PsyDactic

Psychometrics - The Dangers of Rating Scales and Screeners

Episode 60

Send us a text

Dr. O'Leary discusses a variety of concerns that all clinicians should have in mind when using psychometrics.  In the end, he hopes you come away  with some level of agreement with the statement: “Our primary concern should not be with the quantity of data, but with the quality of the data.”  Statistics are conceptual machines that will produce results no matter what you feed them.  These results can be truly helpful and informative.  But statistics are also poop in poop out machines, and adding more malarky does not magically convert the results into something other than BS.

Please leave feedback at https://www.psydactic.com.

References and readings (when available) are posted at the end of each episode transcript, located at psydactic.buzzsprout.com. All opinions expressed in this podcast are exclusively those of the person speaking and should not be confused with the opinions of anyone else. We reserve the right to be wrong. Nothing in this podcast should be treated as individual medical advice.

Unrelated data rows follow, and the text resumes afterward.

Lemma walks2_row_le c : outside c ->
  (walks2 e u c ^ 2 + walks2 e v c ^ 2 <= walks2 e' u c ^ 2 + walks2 e' v c ^ 2)%N.
Proof.
move=> outc; rewrite walks2_u ?walks2_v ?walks2_compress_u ?walks2_compress_v //.
set A := (\sum_(b | outside b) (e b u && e b v) * e b c)%N.
set P := (\sum_(b | outside b) (e b u && ~~ e b v) * e b c)%N.
set K := (\sum_(b | outside b) (~~ e b u && e b v) * e b c)%N.
have -> : (\sum_(b | outside b) e b u * e b c = A + P)%N.
  rewrite -big_split; apply: eq_bigr => b _.
  by case: (e b u); case: (e b v); case: (e b c).
have -> : (\sum_(b | outside b) e b v * e b c = A + K)%N.
  rewrite -big_split; apply: eq_bigr => b _.
  by case: (e b u); case: (e b v); case: (e b c).
have -> : (\sum_(b | outside b) (e b u || e b v) * e b c = A + P + K)%N.
  rewrite -!big_split; apply: eq_bigr => b _.
  by case: (e b u); case: (e b v); case: (e b c).
apply: sqr_walks_row_le => [/andP[cu ncv] | /andP[ncu cv]].
  rewrite /K big1 // => b outb; case: (boolP (~~ e b u && e b v)) => // /andP[nbu bv].
  have Nc : c \in Nbar e u v by rewrite inE outc cu ncv.
  have Nb : b \in Nbar e v u by rewrite inE [(b != v) && _]andbC outb bv nbu.
  by rewrite esym (negPf (no_edge_Nbar Nc Nb)).
rewrite /P big1 // => b outb; case: (boolP (e b u && ~~ e b v)) => // /andP[bu nbv].
have Nb : b \in Nbar e u v by rewrite inE outb bu nbv.
have Nc : c \in Nbar e v u by rewrite inE [(c != v) && _]andbC outc cv ncu.
by rewrite (negPf (no_edge_Nbar Nb Nc)).
Qed.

Welcome to PsyDactic.  Today is Wednesday, June 26, and I am a 4th year psychiatry resident in the national capital region who, by the time you hear this episode, will be a fellow in child and adolescent psychiatry.  This is a podcast about psychiatry and neuroscience.  I do it as a project to help me learn and stay current, so that I can better understand and treat my patients.  My assumption is that psychiatrists and psychiatry residents will relate best to this content, but all are welcome.  I try to explain things in less than technical terms when I can.  Everything I say here is my opinion and my opinion alone.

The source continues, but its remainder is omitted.